§ **ACTIVITY**
Restate verbatim the span of lines below between the line with "Context: $G$ is" and the line with "Definition laplacian (R", including those two lines, and only that span.

§ **LISTED RECORDS**
(* Let $\bar\nu\in\Pi_{2,SR}$ be an essentially proper policy of player II in a finite-space SSP game (as in the context) satisfying the Finite-Space SSP Game Model Assumption. Then the single-player problem $\mathrm{SSP}_{\bar\nu}$ satisfies the SSP Model Assumption: there exists a proper policy among its stationary deterministic policies, and every improper stationary deterministic policy incurs infinite cost for at least one initial state.
   Context: Finite-space game: $S=\{1,\dots,n\}$, $S_o=S\cup\{0\}$, $0$ absorbing cost-free termination state. At $i\in S$ players I and II have finite control sets $U(i),V(i)$; under $(u,v)$ the state moves to $j\in S_o$ w.p. $p_{ij}(u,v)$ with transition cost $\hat g(i,u,v,j)$ paid by player I; $g(i,u,v)$ is the expected one-stage cost. $J(i;\pi_1,\pi_2)=\liminf_{t\to\infty}E_{\pi_1\pi_2}[\sum_{k=0}^t\hat g(i_k,u_k,v_k,i_{k+1})\mid i_0=i]$. $\Pi_{1,SR},\Pi_{2,SR}$: stationary randomized policies ($\mu(\cdot\mid i)\in\mathcal P(U(i))$, $\nu(\cdot\mid i)\in\mathcal P(V(i))$). Prolonging pair: for some initial state the termination state is with positive probability never reached; non-prolonging otherwise. $\nu\in\Pi_{2,SR}$ is essentially proper if some $\mu\in\Pi_{1,SR}$ makes $(\mu,\nu)$ non-prolonging and every $\mu\in\Pi_{1,SR}$ with $(\mu,\nu)$ prolonging has $J(i;\mu,\nu)=+\infty$ for some $i$. Finite-Space SSP Game Model Assumption: (i) there is $\bar\mu\in\Pi_{1,SR}$ with $J(i;\bar\mu,\nu)<+\infty$ for all $\nu\in\Pi_{2,SR}$, all $i$; (ii) there is $\bar\nu\in\Pi_{2,SR}$ with $J(i;\mu,\bar\nu)>-\infty$ for all $\mu$, all $i$; (iii) every prolonging pair in $\Pi_{1,SR}\times\Pi_{2,SR}$ has $J(i;\mu,\nu)\in\{\pm\infty\}$ for some $i$. $R=\{(i,u,v):i\in S,u\in U(i),v\in V(i)\}$. $\mathrm{SSP}_{\bar\nu}$ is the single-player (player I, cost-minimizing) problem with state space $S_o\cup R$ and cost-free termination state $0$: from $\ell=(i,u,v)\in R$ the system moves (uncontrolled) to $j\in S_o$ w.p. $p_{ij}(u,v)$ with expected one-stage cost $g(i,u,v)$; at $i\in S$ the control set is $U(i)$ and control $u$ moves the system to $j\in S_o$ w.p. $p_{\bar\nu,ij}(u)=\sum_{v\in V(i)}\bar\nu(v\mid i)p_{ij}(u,v)$ with expected one-stage cost $g_{\bar\nu}(i,u)=\sum_{v}\bar\nu(v\mid i)g(i,u,v)$. A policy of a single-player SSP is proper if under it the termination state is reached w.p.1 from every initial state, and improper otherwise; costs of policies are total expected costs (liminf of expected partial sums). *)

From HB Require Import structures.
From mathcomp Require Import all_boot all_order all_algebra.
From mathcomp Require Import all_classical all_reals.
From mathcomp Require Import ereal topology normedtype sequences.
Set Implicit Arguments.
Unset Strict Implicit.
Unset Printing Implicit Defensive.
Import Order.TTheory GRing.Theory Num.Theory.
Import numFieldNormedType.Exports.
Local Open Scope ring_scope.
Local Open Scope classical_set_scope.

(* Non-terminal states: finType X; the termination state 0 is implicit  *)
(* (absorbing, cost free).  Q x y = probability to move from x to y in  *)
(* X (the missing mass goes to termination), c x = expected one-stage   *)
(* cost at x.                                                           *)
Section Chain.
Variables (R : realType) (X : finType) (Q : X -> X -> R) (c : X -> R).

Fixpoint Qpow (k : nat) (x y : X) : R :=
  match k with
  | 0 => (x == y)%:R
  | k.+1 => \sum_(z : X) Qpow k x z * Q z y
  end.

Definition not_term (x : X) (k : nat) : R := \sum_(y : X) Qpow k x y.

Definition chain_proper : Prop :=
  forall x : X, not_term x @ \oo --> (0 : R)%R.

Definition partial_cost (x : X) (t : nat) : R :=
  \sum_(k < t.+1) \sum_(y : X) Qpow k x y * c y.

Definition chain_cost (x : X) : \bar R :=
  limn_einf (fun t => (partial_cost x t)%:E).
(* Let $G$ be a connected graph. For any $i\in V(G)$, \[ r_i(G)\leq\frac{1}{\alpha_i(G)}. \]
   Context: $G$ is a finite simple graph with vertex set $[n]$ and Laplacian matrix $\mathcal{L}_G=D-A$. For a vertex $i$, $\alpha_i(G)=\min\{\mathbf{x}^\top\mathcal{L}_G\mathbf{x} : \mathbf{x}\in\mathbb{R}^n_+,\ \sum_j x_j^2=1,\ x_i=0\}$ (the inverse Perron value of $i$); for connected $G$ this equals the smallest eigenvalue of the principal submatrix $\mathcal{L}_G(i)$ obtained by deleting row and column $i$. The resistance distance $r_{ij}(G)$ is the effective resistance between $i$ and $j$ when every edge is a unit resistor, and the resistance eccentricity is $r_i(G)=\max_{j\in V(G)}r_{ij}(G)$. *)

From HB Require Import structures.
From mathcomp Require Import all_boot all_order all_algebra.
From mathcomp Require Import classical_sets reals.
Set Implicit Arguments. Unset Strict Implicit. Unset Printing Implicit Defensive.
Import Order.TTheory GRing.Theory Num.Theory.
Local Open Scope ring_scope.
Local Open Scope classical_set_scope.

Definition simple_graph (n : nat) (e : rel 'I_n) : Prop :=
  irreflexive e /\ symmetric e.

Definition connected_graph (n : nat) (e : rel 'I_n) : Prop :=
  forall i j : 'I_n, connect e i j.

Definition degree (n : nat) (e : rel 'I_n) (i : 'I_n) : nat := #|[set j | e i j]|.

Definition laplacian (R : realType) (n : nat) (e : rel 'I_n) : 'M[R]_n :=
  \matrix_(i, j) (if i == j then (degree e i)%:R else if e i j then -1 else 0).

Definition quad_form (R : realType) (n : nat) (L : 'M[R]_n) (x : 'cV[R]_n) : R :=
  (x^T *m L *m x) 0 0.

(* Inverse Perron value:
   alpha_i(G) = min { x^T L x : x >= 0, sum_j x_j^2 = 1, x_i = 0 }
   (the minimum is attained by compactness; we take the infimum). *)
Definition alpha (R : realType) (n : nat) (e : rel 'I_n) (i : 'I_n) : R :=
  inf [set quad_form (laplacian R e) x | x in
        [set x : 'cV[R]_n | (forall j, 0 <= x j 0)
                            /\ \sum_j x j 0 ^+ 2 = 1 /\ x i 0 = 0]].

(* Effective resistance between i and j with unit resistors: inject a unit
   current at i and extract it at j; a potential p solves p L = e_i - e_j
   (solvable for connected G; u *m pinvmx L is such a solution), and
   r_ij = p_i - p_j is the resulting potential difference. *)
Definition unit_current (R : realType) (n : nat) (i j : 'I_n) : 'rV[R]_n :=
  delta_mx 0 i - delta_mx 0 j.

Definition potential (R : realType) (n : nat) (e : rel 'I_n) (i j : 'I_n) : 'rV[R]_n :=
  unit_current R i j *m pinvmx (laplacian R e).

Definition resistance (R : realType) (n : nat) (e : rel 'I_n) (i j : 'I_n) : R :=
  potential R e i j 0 i - potential R e i j 0 j.

Definition res_ecc (R : realType) (n : nat) (e : rel 'I_n) (i : 'I_n) : R :=
  \big[Num.max/0]_(j : 'I_n) resistance R e i j.

From HB Require Import structures.
From mathcomp Require Import all_boot all_order all_algebra.
From mathcomp Require Import classical_sets reals.
From mathcomp Require Import ring boolp.
Set Implicit Arguments. Unset Strict Implicit. Unset Printing Implicit Defensive.
Import Order.TTheory GRing.Theory Num.Theory.
Local Open Scope ring_scope.

(* Let p be the potential of a unit current from i to j: its Dirichlet energy
   is r_ij and p_i - p_j = r_ij.  The vector |p - p_i|, normalised, is
   admissible for alpha_i; since taking absolute values does not increase the
   energy, its Rayleigh quotient is at most r_ij / r_ij^2, so
   alpha_i <= 1 / r_ij.  Inverting needs alpha_i > 0, which follows from
   Cauchy-Schwarz for the energy: y_k^2 <= r_ik y^T L y whenever y_i = 0. *)

Lemma sqr_le_mul_of_quadratic_ge0 (R : realFieldType) (a b c : R) :
  0 <= a -> (forall t, 0 <= c + 2 * t * b + t ^+ 2 * a) -> b ^+ 2 <= a * c.
Proof.
move=> a_ge0 quad_ge0; have [a0|a_neq0] := eqVneq a 0.
  have [->|b_neq0] := eqVneq b 0; first by rewrite a0 expr0n mul0r.
  have := quad_ge0 (- (c + 1) / (2 * b)).
  have -> : c + 2 * (- (c + 1) / (2 * b)) * b + (- (c + 1) / (2 * b)) ^+ 2 * a = -1.
    by rewrite a0; field.
  by rewrite oppr_ge0 ler10.
have a_gt0 : 0 < a by rewrite lt_neqAle eq_sym a_neq0.
have := quad_ge0 (- b / a).
have -> : c + 2 * (- b / a) * b + (- b / a) ^+ 2 * a = (a * c - b ^+ 2) / a by field.
by rewrite pmulr_lge0 ?invr_gt0 // subr_ge0.
Qed.

Section DirichletForm.
Variables (R : realFieldType) (n : nat) (e : rel 'I_n).

(* Summed over ordered pairs: every edge is counted twice. *)
Definition dirichlet (f g : 'I_n -> R) : R :=
  \sum_a \sum_(b | e a b) (f a - f b) * (g a - g b).

Lemma dirichlet_ge0 f : 0 <= dirichlet f f.
Proof. by apply: sumr_ge0 => a _; apply: sumr_ge0 => b _; rewrite -expr2 sqr_ge0. Qed.

Lemma dirichletZ c f :
  dirichlet (fun a => c * f a) (fun a => c * f a) = c ^+ 2 * dirichlet f f.
Proof.
rewrite mulr_sumr; apply: eq_bigr => a _; rewrite mulr_sumr.
by apply: eq_bigr => b _; ring.
Qed.

Lemma dirichlet_shift c f :
  dirichlet (fun a => f a - c) (fun a => f a - c) = dirichlet f f.
Proof. by apply: eq_bigr => a _; apply: eq_bigr => b _; congr (_ * _); ring. Qed.

Lemma dirichlet_norm_le f :
  dirichlet (fun a => `|f a|) (fun a => `|f a|) <= dirichlet f f.
Proof.
apply: ler_sum => a _; apply: ler_sum => b _; rewrite -!expr2.
rewrite -[leRHS](real_normK (num_real _)) -[leLHS](real_normK (num_real _)).
by rewrite lerXn2r ?nnegrE ?normr_ge0 // ler_dist_dist.
Qed.

Lemma dirichlet_line f g t :
  dirichlet (fun a => f a + t * g a) (fun a => f a + t * g a) =
  dirichlet f f + 2 * t * dirichlet f g + t ^+ 2 * dirichlet g g.
Proof.
rewrite !mulr_sumr -!big_split; apply: eq_bigr => a _ /=.
by rewrite !mulr_sumr -!big_split; apply: eq_bigr => b _ /=; ring.
Qed.

Lemma dirichlet_CauchySchwarz f g :
  dirichlet f g ^+ 2 <= dirichlet f f * dirichlet g g.
Proof.
rewrite mulrC; apply: sqr_le_mul_of_quadratic_ge0; first exact: dirichlet_ge0.
by move=> t; rewrite -dirichlet_line dirichlet_ge0.
Qed.

Hypothesis e_sym : symmetric e.

Lemma dirichlet_sum_mul f g :
  dirichlet f g = 2 * \sum_a f a * \sum_(b | e a b) (g a - g b).
Proof.
have swap (F : 'I_n -> 'I_n -> R) :
    \sum_a \sum_(b | e a b) F a b = \sum_a \sum_(b | e a b) F b a.
  under eq_bigr => a _ do rewrite big_mkcond.
  rewrite exchange_big /=; apply: eq_bigr => a _; rewrite [RHS]big_mkcond.
  by apply: eq_bigr => b _; rewrite e_sym.
rewrite (_ : dirichlet f g = \sum_a \sum_(b | e a b) f a * (g a - g b)
                            + \sum_a \sum_(b | e a b) f b * (g b - g a)); last first.
  rewrite -big_split; apply: eq_bigr => a _.
  by rewrite -big_split; apply: eq_bigr => b _ /=; ring.
rewrite -(swap (fun a b => f a * (g a - g b))) mulr2n mulrDl mul1r.
by congr (_ + _); apply: eq_bigr => a _; rewrite mulr_sumr.
Qed.

End DirichletForm.

Section Laplacian.
Variables (R : realType) (n : nat) (e : rel 'I_n).
Hypothesis e_simple : simple_graph e.
Let e_irr : irreflexive e := e_simple.1.
Let e_sym : symmetric e := e_simple.2.

Notation L := (laplacian R e).

Lemma laplacian_row a (y : 'I_n -> R) :
  \sum_b L a b * y b = \sum_(b | e a b) (y a - y b).
Proof.
rewrite (bigD1 a) //= mxE eqxx.
rewrite (eq_bigr (fun b => if e a b then - y b else 0)); last first.
  move=> b b_neq_a; rewrite mxE eq_sym (negbTE b_neq_a).
  by case: (e a b); rewrite ?mulN1r ?mul0r.
rewrite -big_mkcondr /= sumrB sumrN.
rewrite (eq_bigl (e a)); last by move=> b /=; case: eqP => [->|]; rewrite ?e_irr ?andbT.
congr (_ + _); rewrite sumr_const mulr_natl; congr (_ *+ _).
by apply: eq_card => b; rewrite unfold_in /= asboolb.
Qed.

Lemma dirichlet_laplacian (p : 'rV[R]_n) (y : 'cV[R]_n) :
  2 * (p *m L *m y) 0 0 = dirichlet e (fun a => p 0 a) (fun a => y a 0).
Proof.
rewrite dirichlet_sum_mul // -mulmxA mxE; congr (_ * _).
by apply: eq_bigr => a _; rewrite mxE -laplacian_row.
Qed.

Lemma quad_formE (x : 'cV[R]_n) :
  2 * quad_form L x = dirichlet e (fun a => x a 0) (fun a => x a 0).
Proof.
rewrite /quad_form dirichlet_laplacian.
by congr dirichlet; apply: funext => a; rewrite mxE.
Qed.

Lemma quad_form_ge0 (x : 'cV[R]_n) : 0 <= quad_form L x.
Proof. by rewrite -(pmulr_rge0 _ (ltr0Sn R 1)) quad_formE dirichlet_ge0. Qed.

Hypothesis e_connected : connected_graph e.

Lemma laplacian_kernel_const (c : 'cV[R]_n) a b : L *m c = 0 -> c a 0 = c b 0.
Proof.
move=> Lc0.
have energy0 : dirichlet e (fun a => c a 0) (fun a => c a 0) = 0.
  by rewrite -quad_formE /quad_form -mulmxA Lc0 mulmx0 mxE mulr0.
have edge_const x y : e x y -> c x 0 = c y 0.
  move=> exy; apply/eqP; rewrite -subr_eq0 -[_ == 0]orbb -mulf_eq0; apply/eqP.
  have sq_ge0 u v : 0 <= (c u 0 - c v 0) * (c u 0 - c v 0) by rewrite -expr2 sqr_ge0.
  have row0 : \sum_(v | e x v) (c x 0 - c v 0) * (c x 0 - c v 0) = 0.
    by apply: (psumr_eq0P _ energy0) => // u _; apply: sumr_ge0.
  exact: (psumr_eq0P _ row0).
have closed_level : closed e [pred x | c x 0 == c b 0].
  by move=> x y exy; rewrite !inE (edge_const x y exy).
by have := closed_connect closed_level (e_connected a b); rewrite !inE eqxx => /eqP.
Qed.

(* [pinvmx] solves [u *m L = v] whenever [v] lies in the row space of [L];
   since [ker L] is the constants, that row space contains [unit_current]. *)
Lemma potentialP i j : potential R e i j *m L = unit_current R i j.
Proof.
apply: mulmxKpV; rewrite submxE; apply/eqP/matrixP => z k; rewrite [RHS]mxE.
have LC0 : L *m cokermx L = 0 by apply: mulmx_coker.
rewrite (ord1 z) (_ : _ 0 k = (unit_current R i j *m col k (cokermx L)) 0 0); last first.
  by rewrite !mxE; apply: eq_bigr => m _; rewrite [col _ _ _ _]mxE.
have LCk0 : L *m col k (cokermx L) = 0 by rewrite colE mulmxA LC0 mul0mx.
have := laplacian_kernel_const i j LCk0.
by rewrite /unit_current mulmxBl -!rowE !mxE => ->; rewrite subrr.
Qed.

Lemma dirichlet_potential i j (g : 'I_n -> R) :
  dirichlet e (fun a => potential R e i j 0 a) g = 2 * (g i - g j).
Proof.
have -> : g = (fun a => (\col_b g b) a 0) by apply: funext => a; rewrite mxE.
by rewrite -dirichlet_laplacian potentialP /unit_current mulmxBl -!rowE !mxE.
Qed.

Lemma sqr_sub_le_resistance (y : 'cV[R]_n) i k :
  (y i 0 - y k 0) ^+ 2 <= resistance R e i k * quad_form L y.
Proof.
have := dirichlet_CauchySchwarz e (fun a => potential R e i k 0 a) (fun a => y a 0).
rewrite !dirichlet_potential -quad_formE -/(resistance R e i k).
rewrite exprMn (_ : _ * (2 * _) = 2 ^+ 2 * (resistance R e i k * quad_form L y));
  last by ring.
by rewrite ler_pM2l // exprn_gt0.
Qed.

End Laplacian.

Local Open Scope classical_set_scope.

Section InversePerronValue.
Variables (R : realType) (n : nat) (e : rel 'I_n) (i : 'I_n).
Hypothesis e_simple : simple_graph e.

Notation L := (laplacian R e).

Definition perron_domain : set 'cV[R]_n :=
  [set x | (forall j, 0 <= x j 0) /\ \sum_j x j 0 ^+ 2 = 1 /\ x i 0 = 0].

Lemma alphaE : alpha R e i = inf [set quad_form L x | x in perron_domain].
Proof. by []. Qed.

Lemma alpha_ge0 : 0 <= alpha R e i.
Proof.
rewrite alphaE; have [[x Dx]|D0] := pselect (exists x, perron_domain x).
  apply: lb_le_inf; first by exists (quad_form L x), x.
  by move=> _ [y _ <-]; apply: quad_form_ge0.
rewrite (_ : perron_domain = set0) ?image_set0 ?inf0 //.
by apply/seteqP; split => x // Dx; apply: D0; exists x.
Qed.

Lemma alpha_le_quad_form x : perron_domain x -> alpha R e i <= quad_form L x.
Proof.
move=> Dx; apply: ge_inf; last by exists x.
by exists 0 => _ [y _ <-]; apply: quad_form_ge0.
Qed.

Definition normalized_abs (f : 'I_n -> R) : 'cV[R]_n :=
  \col_a (`|f a| / Num.sqrt (\sum_b f b ^+ 2)).

Lemma normalized_abs_in_domain f :
  f i = 0 -> 0 < \sum_a f a ^+ 2 -> perron_domain (normalized_abs f).
Proof.
move=> fi0 N_gt0; split=> [a|]; first by rewrite mxE divr_ge0 ?sqrtr_ge0.
split; last by rewrite mxE fi0 normr0 mul0r.
under eq_bigr do rewrite mxE expr_div_n real_normK ?num_real // (sqr_sqrtr (ltW N_gt0)).
by rewrite -mulr_suml divff // gt_eqF.
Qed.

Lemma quad_form_normalized_abs_le f : 0 < \sum_a f a ^+ 2 ->
  2 * quad_form L (normalized_abs f) <= dirichlet e f f / \sum_a f a ^+ 2.
Proof.
move=> N_gt0; rewrite quad_formE //.
rewrite (_ : (fun a => _) = (fun a => (Num.sqrt (\sum_b f b ^+ 2))^-1 * `|f a|)); last first.
  by apply: funext => a; rewrite mxE mulrC.
rewrite dirichletZ exprVn (sqr_sqrtr (ltW N_gt0)) mulrC.
by rewrite ler_wpM2r ?invr_ge0 ?(ltW N_gt0) ?dirichlet_norm_le.
Qed.

Hypothesis e_connected : connected_graph e.

Lemma alpha_gt0 x : perron_domain x -> 0 < alpha R e i.
Proof.
move=> Dx; pose S := \sum_k resistance R e i k.
have mass_le y : perron_domain y -> 1 <= quad_form L y * S.
  move=> [_ [<- yi0]]; rewrite mulr_sumr; apply: ler_sum => k _.
  have := sqr_sub_le_resistance e_simple e_connected y i k.
  by rewrite yi0 sub0r sqrrN mulrC.
have S_gt0 : 0 < S.
  rewrite ltNge; apply/negP => S_le0; have := mass_le x Dx.
  by rewrite leNgt (le_lt_trans (mulr_ge0_le0 (quad_form_ge0 e_simple x) S_le0)).
apply: (lt_le_trans (_ : 0 < S^-1)); first by rewrite invr_gt0.
rewrite alphaE; apply: lb_le_inf; first by exists (quad_form L x), x.
by move=> _ [y Dy <-]; rewrite -[S^-1]mul1r ler_pdivrMr // mass_le.
Qed.

Lemma perron_test_vector j : 0 < resistance R e i j ->
  exists2 x, perron_domain x & quad_form L x <= (resistance R e i j)^-1.
Proof.
set r := resistance R e i j => r_gt0.
pose f a := potential R e i j 0 a - potential R e i j 0 i.
pose N := \sum_a f a ^+ 2.
have N_ge : r ^+ 2 <= N.
  rewrite /N (bigD1 j) //= /f -sqrrN opprB lerDl.
  by apply: sumr_ge0 => a _; apply: sqr_ge0.
have N_gt0 : 0 < N by apply: lt_le_trans N_ge; rewrite exprn_gt0.
exists (normalized_abs f); first by apply: normalized_abs_in_domain; rewrite /f ?subrr.
have energy_f : dirichlet e f f = 2 * r.
  by rewrite /f dirichlet_shift dirichlet_potential.
have := quad_form_normalized_abs_le N_gt0; rewrite energy_f -mulrA ler_pM2l //.
move/le_trans; apply.
have -> : r^-1 = r / r ^+ 2 by rewrite expr2 invfM mulrA divff ?mul1r // lt0r_neq0.
by rewrite ler_wpM2l ?(ltW r_gt0) // lef_pV2 ?posrE ?exprn_gt0.
Qed.

Lemma resistance_le_inv_alpha j : resistance R e i j <= (alpha R e i)^-1.
Proof.
have [r_le0|r_gt0] := lerP (resistance R e i j) 0.
  by apply: le_trans r_le0 _; rewrite invr_ge0 alpha_ge0.
have [x Dx Qx_le] := perron_test_vector r_gt0.
have alpha_le := le_trans (alpha_le_quad_form Dx) Qx_le.
by rewrite -[resistance _ _ _ _]invrK lef_pV2 ?posrE ?invr_gt0 ?(alpha_gt0 Dx).
Qed.

End InversePerronValue.

Theorem theorem4p1 (R : realType) (n : nat) (e : rel 'I_n) (i : 'I_n) :
  simple_graph e -> connected_graph e ->
  res_ecc R e i <= (alpha R e i)^-1.
Proof.
move=> e_simple e_connected; apply: bigmax_le => [|j _].
  by rewrite invr_ge0 alpha_ge0.
exact: resistance_le_inv_alpha.
Qed.
(* Let $A\in\mathbb{R}^{n\times n}$, let $s$ be an integer with $1\leq s<d(A)$, and let $v_0\in\mathbb{R}^n$ with $\|v_0\|=1$ and $d(A,v_0)\geq s+1$. Then the normalized vectors of the Arnoldi cross iteration ACI($s$) started at $v_0$ satisfy $$\lim_{k\to\infty}\|w_{k+1}-w_k\|=0\quad\text{and}\quad\lim_{k\to\infty}\|v_{k+1}-v_k\|=0.$$
   Context: Notation: for $A\in\mathbb{R}^{n\times n}$, $d(A)$ is the degree of the minimal polynomial of $A$, $d(A,v)$ is the grade of $v$ w.r.t. $A$ (degree of the monic polynomial $p$ of smallest degree with $p(A)v=0$), $\mathcal{K}_k(A,v)=\mathrm{span}\{v,Av,\dots,A^{k-1}v\}$, $\mathcal{M}_s$ is the set of real monic polynomials of degree $s$, and $\|\cdot\|$ is the Euclidean norm. For a matrix $B$ and a vector $u$ with $d(B,u)\geq s$, let $P_s(\cdot\,;u)\in\mathcal{M}_s$ (determined with respect to $B$) be the unique monic polynomial with $P_s(B;u)u\perp\mathcal{K}_s(B,u)$. The Arnoldi cross iteration ACI($s$) started at $v_0$ is: for $k=0,1,2,\dots$: $\widetilde w_k=P_s(A;v_k)v_k$ (w.r.t. $A$), $w_k=\widetilde w_k/\|\widetilde w_k\|$, $\widetilde v_{k+1}=P_s(A^T;w_k)w_k$ (w.r.t. $A^T$), $v_{k+1}=\widetilde v_{k+1}/\|\widetilde v_{k+1}\|$. (Under the stated hypotheses all these vectors are nonzero.) *)

From HB Require Import structures.
From mathcomp Require Import all_boot all_order all_algebra.
From mathcomp Require Import all_classical all_reals all_analysis.
Set Implicit Arguments. Unset Strict Implicit. Unset Printing Implicit Defensive.
Import Order.TTheory GRing.Theory Num.Theory.
Local Open Scope ring_scope.

Section ACI.
Variables (R : realType) (n : nat).

Definition polyapply {m : nat} (p : {poly R}) (A : 'M[R]_n) (X : 'M[R]_(n, m))
  : 'M[R]_(n, m) :=
  \sum_(i < size p) p`_i *: iter i (mulmx A) X.

Definition annihilated_deg {m : nat} (A : 'M[R]_n) (X : 'M[R]_(n, m)) (k : nat) : Prop :=
  exists p : {poly R}, [/\ p \is monic, size p = k.+1 & polyapply p A X = 0].

(* smallest such degree (0 if none, which cannot occur) *)
Definition min_annih_deg {m : nat} (A : 'M[R]_n) (X : 'M[R]_(n, m)) : nat :=
  match pselect (exists k, `[< annihilated_deg A X k >]) with
  | left e => ex_minn e
  | right _ => 0%N
  end.

Definition minpoly_deg (A : 'M[R]_n) : nat := min_annih_deg A (1%:M : 'M[R]_n).

Definition grade (A : 'M[R]_n) (v : 'cV[R]_n) : nat := min_annih_deg A v.

Definition dotv (u w : 'cV[R]_n) : R := (u^T *m w) 0 0.
Definition enorm (u : 'cV[R]_n) : R := Num.sqrt (dotv u u).

Definition orth_krylov (B : 'M[R]_n) (s : nat) (u x : 'cV[R]_n) : Prop :=
  forall j : nat, (j < s)%N -> dotv (iter j (mulmx B) u) x = 0.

§ **EXERCISE RESPONSE**
   Context: $G$ is a finite simple graph with vertex set $[n]$ and Laplacian matrix $\mathcal{L}_G=D-A$. For a vertex $i$, $\alpha_i(G)=\min\{\mathbf{x}^\top\mathcal{L}_G\mathbf{x} : \mathbf{x}\in\mathbb{R}^n_+,\ \sum_j x_j^2=1,\ x_i=0\}$ (the inverse Perron value of $i$); for connected $G$ this equals the smallest eigenvalue of the principal submatrix $\mathcal{L}_G(i)$ obtained by deleting row and column $i$. The resistance distance $r_{ij}(G)$ is the effective resistance between $i$ and $j$ when every edge is a unit resistor, and the resistance eccentricity is $r_i(G)=\max_{j\in V(G)}r_{ij}(G)$. *)

From HB Require Import structures.
From mathcomp Require Import all_boot all_order all_algebra.
From mathcomp Require Import classical_sets reals.
Set Implicit Arguments. Unset Strict Implicit. Unset Printing Implicit Defensive.
Import Order.TTheory GRing.Theory Num.Theory.
Local Open Scope ring_scope.
Local Open Scope classical_set_scope.

Definition simple_graph (n : nat) (e : rel 'I_n) : Prop :=
  irreflexive e /\ symmetric e.

Definition connected_graph (n : nat) (e : rel 'I_n) : Prop :=
  forall i j : 'I_n, connect e i j.

Definition degree (n : nat) (e : rel 'I_n) (i : 'I_n) : nat := #|[set j | e i j]|.

Definition laplacian (R : realType) (n : nat) (e : rel 'I_n) : 'M[R]_n :=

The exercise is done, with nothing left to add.